Items from a dataset:
◆ ◆ ◆ ◆ ◆ ◆ ◆
(* Let $\mathcal{E}$ be an ellipse in a Euclidean plane, let $c$ be a chord of $\mathcal{E}$, and let $g$ be an affine bijection of the plane. Consider the three properties: (1) a chord of $\mathcal{E}$ parallel to $c$ and passing through a focus of $\mathcal{E}$ is sent by $g$ onto a chord of $g(\mathcal{E})$ passing through a focus of $g(\mathcal{E})$; (2) the length of $c$ is preserved, i.e. $g(c)$ has the same length as $c$; (3) the length of the major axis is preserved, i.e. $g(\mathcal{E})$ has the same major axis length as $\mathcal{E}$. Then any two of these three properties imply the remaining one. *)

From HB Require Import structures.
From mathcomp Require Import all_boot all_order all_algebra.
Set Implicit Arguments. Unset Strict Implicit. Unset Printing Implicit Defensive.
Import Order.TTheory GRing.Theory Num.Theory.
Local Open Scope ring_scope.

Notation point R := 'rV[R]_2.

Definition dist {R : rcfType} (p q : point R) : R :=
  Num.sqrt (\sum_(i < 2) (p ord0 i - q ord0 i) ^+ 2).

(* The ellipse with foci F1, F2 and semi-major axis a (requires dist F1 F2 < 2a);
   circles are the case F1 = F2. *)
Definition ellipse {R : rcfType} (F1 F2 : point R) (a : R) : point R -> Prop :=
  fun P => dist P F1 + dist P F2 = 2 * a.

Definition is_ellipse_with {R : rcfType} (S : point R -> Prop) (F1 F2 : point R) (a : R) : Prop :=
  dist F1 F2 < 2 * a /\ forall P, S P <-> ellipse F1 F2 a P.

Definition is_focus {R : rcfType} (S : point R -> Prop) (F : point R) : Prop :=
  exists F' a, is_ellipse_with S F F' a.

Definition major_axis_length {R : rcfType} (S : point R -> Prop) (L : R) : Prop :=
  exists F1 F2, is_ellipse_with S F1 F2 (L / 2).

Definition affine_map {R : rcfType} (A : 'M[R]_2) (b : point R) (x : point R) : point R :=
  x *m A + b.

Definition image_set {R : rcfType} (g : point R -> point R) (S : point R -> Prop) : point R -> Prop :=
  fun y => exists x, S x /\ y = g x.

Definition on_segment {R : rcfType} (u v x : point R) : Prop :=
  exists t : R, 0 <= t <= 1 /\ x = (1 - t) *: u + t *: v.

Definition is_chord {R : rcfType} (S : point R -> Prop) (u v : point R) : Prop :=
  S u /\ S v /\ u != v.

Definition parallel {R : rcfType} (w1 w2 : point R) : Prop :=
  exists k : R, w1 = k *: w2.

(* Centre the ellipse with foci F, F' and semi-major axis a at C = (F + F')/2 and put
   w = (F - F')/2, b^2 = a^2 - |w|^2; then C + z lies on it iff Q z = a^2 b^2, where
   Q z = a^2 |z|^2 - (z.w)^2.  The roots t1, t2 of the quadratic cutting the line Y + t e give
   (t2 - t1)^2 (Q e)^2 = 4 a^2 b^2 (Q e - [Y - C, e]^2) with [u, v] the cross product, so a chord
   of direction e is determined by its offset [Y - C, e], and the focal chords are exactly those with
   (t2 - t1)^2 (Q e)^2 = 4 a^2 b^4 |e|^2.
   An affine map g x = x A + b sends the centre of E to the centre of g E (each is the unique
   centre of symmetry), hence diameters to diameters, which gives Q'(e A) a^2 b^2 = Q(e) a'^2 b'^2
   for the data a', b', Q' of g E.  So a focal chord of E of direction e is mapped onto a focal
   chord of g E iff a'^2 |e|^2 = a^2 |e A|^2.  For e = q - p, property (2) reads |e A| = |e| and
   property (3) reads a' = a, and any two of the three statements imply the third. *)

From HB Require Import structures.
From mathcomp Require Import all_boot all_order all_algebra.
From mathcomp Require Import ring lra.
Set Implicit Arguments. Unset Strict Implicit. Unset Printing Implicit Defensive.
Import Order.TTheory GRing.Theory Num.Theory.
Local Open Scope ring_scope.

Section PlaneForms.
Variable R : comNzRingType.
Implicit Types (u v w y z e : point R) (A : 'M[R]_2) (a t : R).

Definition px u := u 0 0.
Definition py u := u 0 1.

Lemma sum_ord2 (f : 'I_2 -> R) : \sum_(i < 2) f i = f 0 + f 1.
Proof. by rewrite big_ord_recl big_ord1; congr (_ + f _); apply: val_inj. Qed.

Lemma point_eq u v : px u = px v -> py u = py v -> u = v.
Proof.
move=> ex ey; apply/rowP => -[[|[|//]] lt_j2].
  by rewrite (_ : Ordinal _ = 0) //; apply: val_inj.
by rewrite (_ : Ordinal _ = 1) //; apply: val_inj.
Qed.

Lemma pxD u v : px (u + v) = px u + px v. Proof. by rewrite /px mxE. Qed.
Lemma pyD u v : py (u + v) = py u + py v. Proof. by rewrite /py mxE. Qed.
Lemma pxN u : px (- u) = - px u. Proof. by rewrite /px mxE. Qed.
Lemma pyN u : py (- u) = - py u. Proof. by rewrite /py mxE. Qed.
Lemma pxZ t u : px (t *: u) = t * px u. Proof. by rewrite /px mxE. Qed.
Lemma pyZ t u : py (t *: u) = t * py u. Proof. by rewrite /py mxE. Qed.
Lemma pxM u A : px (u *m A) = px u * A 0 0 + py u * A 1 0.
Proof. by rewrite /px /py mxE sum_ord2. Qed.
Lemma pyM u A : py (u *m A) = px u * A 0 1 + py u * A 1 1.
Proof. by rewrite /px /py mxE sum_ord2. Qed.
Lemma px0 : px (0 : point R) = 0. Proof. by rewrite /px mxE. Qed.
Lemma py0 : py (0 : point R) = 0. Proof. by rewrite /py mxE. Qed.

Definition coordE := (pxD, pyD, pxN, pyN, pxZ, pyZ, pxM, pyM, px0, py0).

Definition dot u v := px u * px v + py u * py v.
Definition cross u v := px u * py v - py u * px v.
Definition nrm2 u := dot u u.

Lemma dot_cross_lagrange u v : dot u v ^+ 2 + cross u v ^+ 2 = nrm2 u * nrm2 v.
Proof. by rewrite /nrm2 /dot /cross; ring. Qed.

Lemma nrm2N u : nrm2 (- u) = nrm2 u.
Proof. by rewrite /nrm2 /dot !coordE; ring. Qed.

Lemma nrm2Z t u : nrm2 (t *: u) = t ^+ 2 * nrm2 u.
Proof. by rewrite /nrm2 /dot !coordE; ring. Qed.

Lemma crossBl u v e : cross (u - v) e = cross u e - cross v e.
Proof. by rewrite /cross !coordE; ring. Qed.

Lemma crossNl u e : cross (- u) e = - cross u e.
Proof. by rewrite /cross !coordE; ring. Qed.

Lemma crossZl t u e : cross (t *: u) e = t * cross u e.
Proof. by rewrite /cross !coordE; ring. Qed.

Lemma crossC u v : cross u v = - cross v u.
Proof. by rewrite /cross; ring. Qed.

Lemma crossvv u : cross u u = 0.
Proof. by rewrite /cross; ring. Qed.

Definition ell_form a w z := a ^+ 2 * nrm2 z - dot z w ^+ 2.
Definition ell_polar a w y e := a ^+ 2 * dot y e - dot y w * dot e w.
Definition minor2 a w := a ^+ 2 - nrm2 w.

Lemma ell_formN a w z : ell_form a w (- z) = ell_form a w z.
Proof. by rewrite /ell_form /nrm2 /dot !coordE; ring. Qed.

Lemma ell_formZ a w t z : ell_form a w (t *: z) = t ^+ 2 * ell_form a w z.
Proof. by rewrite /ell_form /nrm2 /dot !coordE; ring. Qed.

Lemma ell_form_line a w y e t :
  ell_form a w (y + t *: e) =
  ell_form a w e * t ^+ 2 + 2 * ell_polar a w y e * t + ell_form a w y.
Proof. by rewrite /ell_form /ell_polar /nrm2 /dot !coordE; ring. Qed.

Lemma ell_form_cross a w z : ell_form a w z = minor2 a w * nrm2 z + cross z w ^+ 2.
Proof. by rewrite /ell_form /minor2 /nrm2 /dot /cross; ring. Qed.

Lemma ell_polar_discr a w y e :
  ell_polar a w y e ^+ 2 - ell_form a w y * ell_form a w e =
  - (a ^+ 2 * minor2 a w) * cross y e ^+ 2.
Proof. by rewrite /ell_polar /ell_form /minor2 /nrm2 /dot /cross; ring. Qed.

End PlaneForms.

Lemma quadratic_roots (R : idomainType) (al be ga t1 t2 : R) : t1 != t2 ->
  al * t1 ^+ 2 + be * t1 + ga = 0 -> al * t2 ^+ 2 + be * t2 + ga = 0 ->
  (t2 - t1) ^+ 2 * al ^+ 2 = be ^+ 2 - 4 * al * ga /\ al * (t1 * t2) = ga.
Proof.
move=> t12 root1 root2.
have : (t1 - t2) * (al * (t1 + t2) + be) = 0.
  transitivity ((al * t1 ^+ 2 + be * t1 + ga) - (al * t2 ^+ 2 + be * t2 + ga)); first by ring.
  by rewrite root1 root2 subrr.
move/eqP; rewrite mulf_eq0 subr_eq0 (negbTE t12) /= addr_eq0 => /eqP sum12.
have be_eq : be = - (al * (t1 + t2)) by rewrite sum12 opprK.
have prod12 : al * (t1 * t2) = ga.
  by apply: (addrI (al * t1 ^+ 2 + be * t1)); rewrite root1 be_eq; ring.
by split; rewrite // -prod12 be_eq; ring.
Qed.

Section RealPlane.
Variable R : rcfType.
Implicit Types (u v e P : point R) (t : R).

Lemma nrm2_ge0 u : 0 <= nrm2 u.
Proof. by rewrite /nrm2 /dot; nra. Qed.

Lemma nrm2_gt0 u : u != 0 -> 0 < nrm2 u.
Proof.
move=> u_neq0; rewrite lt_def nrm2_ge0 andbT; apply: contra u_neq0 => /eqP u0.
have [x0 y0] : px u = 0 /\ py u = 0.
  by move: u0; rewrite /nrm2 /dot; split; nra.
by apply/eqP; apply: point_eq; rewrite coordE.
Qed.

Lemma dist_nrm2 u v : dist u v = Num.sqrt (nrm2 (u - v)).
Proof. by rewrite /dist sum_ord2 /nrm2 /dot !coordE. Qed.

Lemma quadratic_roots_opposite (al be ga : R) : 0 < al -> ga < 0 ->
  exists t1 t2, [/\ t1 < 0, 0 < t2,
    al * t1 ^+ 2 + be * t1 + ga = 0 & al * t2 ^+ 2 + be * t2 + ga = 0].
Proof.
move=> al_gt0 ga_lt0.
have discr_gt : be ^+ 2 < be ^+ 2 - 4 * al * ga by nra.
set s := Num.sqrt (be ^+ 2 - 4 * al * ga).
have s2 : s ^+ 2 = be ^+ 2 - 4 * al * ga by rewrite sqr_sqrtr //; nra.
have s_ge0 : 0 <= s := sqrtr_ge0 _.
have [s_gt_be s_gt_Nbe] : be < s /\ - be < s by split; nra.
have root t : t = (- be + s) / (2 * al) \/ t = (- be - s) / (2 * al) ->
    al * t ^+ 2 + be * t + ga = 0.
  have al_neq0 : al != 0 by rewrite gt_eqF.
  move=> t_root.
  suff -> : al * t ^+ 2 + be * t + ga = (s ^+ 2 - (be ^+ 2 - 4 * al * ga)) / (4 * al).
    by rewrite s2 subrr mul0r.
  by case: t_root => ->; field.
exists ((- be - s) / (2 * al)), ((- be + s) / (2 * al)); split; try by apply: root; auto.
  by rewrite pmulr_llt0 ?invr_gt0 ?mulr_gt0 //; lra.
by rewrite pmulr_rgt0 ?invr_gt0 ?mulr_gt0 //; lra.
Qed.

Lemma on_segment_line P e s1 s2 : s1 <= 0 -> 0 <= s2 -> s1 < s2 ->
  on_segment (P + s1 *: e) (P + s2 *: e) P.
Proof.
move=> s1_le0 s2_ge0 s12; have s21_neq0 : s2 - s1 != 0 by rewrite subr_eq0 gt_eqF.
exists (- s1 / (s2 - s1)); split.
  by rewrite divr_ge0 ?ler_pdivrMr ?subr_gt0 //=; lra.
by apply: point_eq; rewrite !coordE; field.
Qed.

Lemma on_segment_decomp u v P : on_segment u v P ->
  exists t, u = P + (- t) *: (v - u) /\ v = P + (1 - t) *: (v - u).
Proof. by case=> t [_ ->]; exists t; split; apply: point_eq; rewrite !coordE; ring. Qed.

Lemma cross_eq0_collinear u e : e != 0 -> cross u e = 0 -> exists t, u = t *: e.
Proof.
move=> e_neq0 cross0; have n_neq0 : nrm2 e != 0 by rewrite gt_eqF ?nrm2_gt0.
exists (dot u e / nrm2 e).
have [ex ey] : px u - dot u e / nrm2 e * px e = py e * cross u e / nrm2 e /\
                py u - dot u e / nrm2 e * py e = - px e * cross u e / nrm2 e.
  by move: n_neq0; rewrite /nrm2 /dot /cross => ?; split; field.
rewrite cross0 !(mulr0, mul0r) in ex ey.
by apply: point_eq; apply/eqP; rewrite !coordE -subr_eq0 ?ex ?ey.
Qed.

End RealPlane.

Section EllipseEquation.
Variable R : rcfType.
Implicit Types (u v w z : point R) (a : R).

Lemma sum_dist_ell_formP a w z : 0 < a -> nrm2 w < a ^+ 2 ->
  Num.sqrt (nrm2 (z - w)) + Num.sqrt (nrm2 (z + w)) = 2 * a <->
  ell_form a w z = a ^+ 2 * minor2 a w.
Proof.
move=> a_gt0 w_lt; set t := dot z w; have a_neq0 : a != 0 by rewrite gt_eqF.
have nrm2_zBw : nrm2 (z - w) = nrm2 z - 2 * t + nrm2 w.
  by rewrite /t /nrm2 /dot !coordE; ring.
have nrm2_zDw : nrm2 (z + w) = nrm2 z + 2 * t + nrm2 w.
  by rewrite /t /nrm2 /dot !coordE; ring.
rewrite /ell_form /minor2 -/t; split => [sum_2a | ell].
  set r1 := Num.sqrt _ in sum_2a; set r2 := Num.sqrt _ in sum_2a.
  have r1_2 : r1 ^+ 2 = nrm2 (z - w) by rewrite sqr_sqrtr ?nrm2_ge0.
  have r2_2 : r2 ^+ 2 = nrm2 (z + w) by rewrite sqr_sqrtr ?nrm2_ge0.
  have r2E : r2 = 2 * a - r1 by rewrite -sum_2a; ring.
  have r1E : a * r1 = a ^+ 2 - t.
    have : r2 ^+ 2 - r1 ^+ 2 = 4 * t by rewrite r1_2 r2_2 nrm2_zBw nrm2_zDw; ring.
    by rewrite r2E; nra.
  have : (a * r1) ^+ 2 = a ^+ 2 * nrm2 (z - w) by rewrite exprMn r1_2.
  by rewrite r1E nrm2_zBw; nra.
have m_gt0 : 0 < a ^+ 2 - nrm2 w by rewrite subr_gt0.
have z_le : nrm2 z <= a ^+ 2.
  have := ell_form_cross a w z; rewrite /ell_form /minor2 ell.
  have := sqr_ge0 (cross z w); nra.
have [t_le Nt_le] : t <= a ^+ 2 /\ - a ^+ 2 <= t.
  have := dot_cross_lagrange z w; have := sqr_ge0 (cross z w).
  have := nrm2_ge0 z; have := nrm2_ge0 w; rewrite -/t; split; nra.
have nrm2_zE : nrm2 z = (t ^+ 2 + a ^+ 2 * (a ^+ 2 - nrm2 w)) / a ^+ 2.
  by rewrite -ell; field.
have sqrt_sqrE (x : R) : 0 <= x -> Num.sqrt (x ^+ 2) = x.
  by move=> x_ge0; rewrite sqrtr_sqr ger0_norm.
rewrite (_ : nrm2 (z - w) = ((a ^+ 2 - t) / a) ^+ 2); last first.
  by rewrite nrm2_zBw nrm2_zE; field.
rewrite (_ : nrm2 (z + w) = ((a ^+ 2 + t) / a) ^+ 2); last first.
  by rewrite nrm2_zDw nrm2_zE; field.
rewrite !sqrt_sqrE ?divr_ge0 ?(ltW a_gt0) //; try lra.
by field.
Qed.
◆ ◆ ◆ ◆ ◆ ◆ ◆
# [TASK TO COMPLETE]
Write out, please, only the lines from the one with "have nrm2_zE : nrm2" through the last line above, both included and unchanged.

# [SOLUTION]
have nrm2_zE : nrm2 z = (t ^+ 2 + a ^+ 2 * (a ^+ 2 - nrm2 w)) / a ^+ 2.
  by rewrite -ell; field.
have sqrt_sqrE (x : R) : 0 <= x -> Num.sqrt (x ^+ 2) = x.
  by move=> x_ge0; rewrite sqrtr_sqr ger0_norm.
rewrite (_ : nrm2 (z - w) = ((a ^+ 2 - t) / a) ^+ 2); last first.
  by rewrite nrm2_zBw nrm2_zE; field.
rewrite (_ : nrm2 (z + w) = ((a ^+ 2 + t) / a) ^+ 2); last first.
  by rewrite nrm2_zDw nrm2_zE; field.
rewrite !sqrt_sqrE ?divr_ge0 ?(ltW a_gt0) //; try lra.
by field.
Qed.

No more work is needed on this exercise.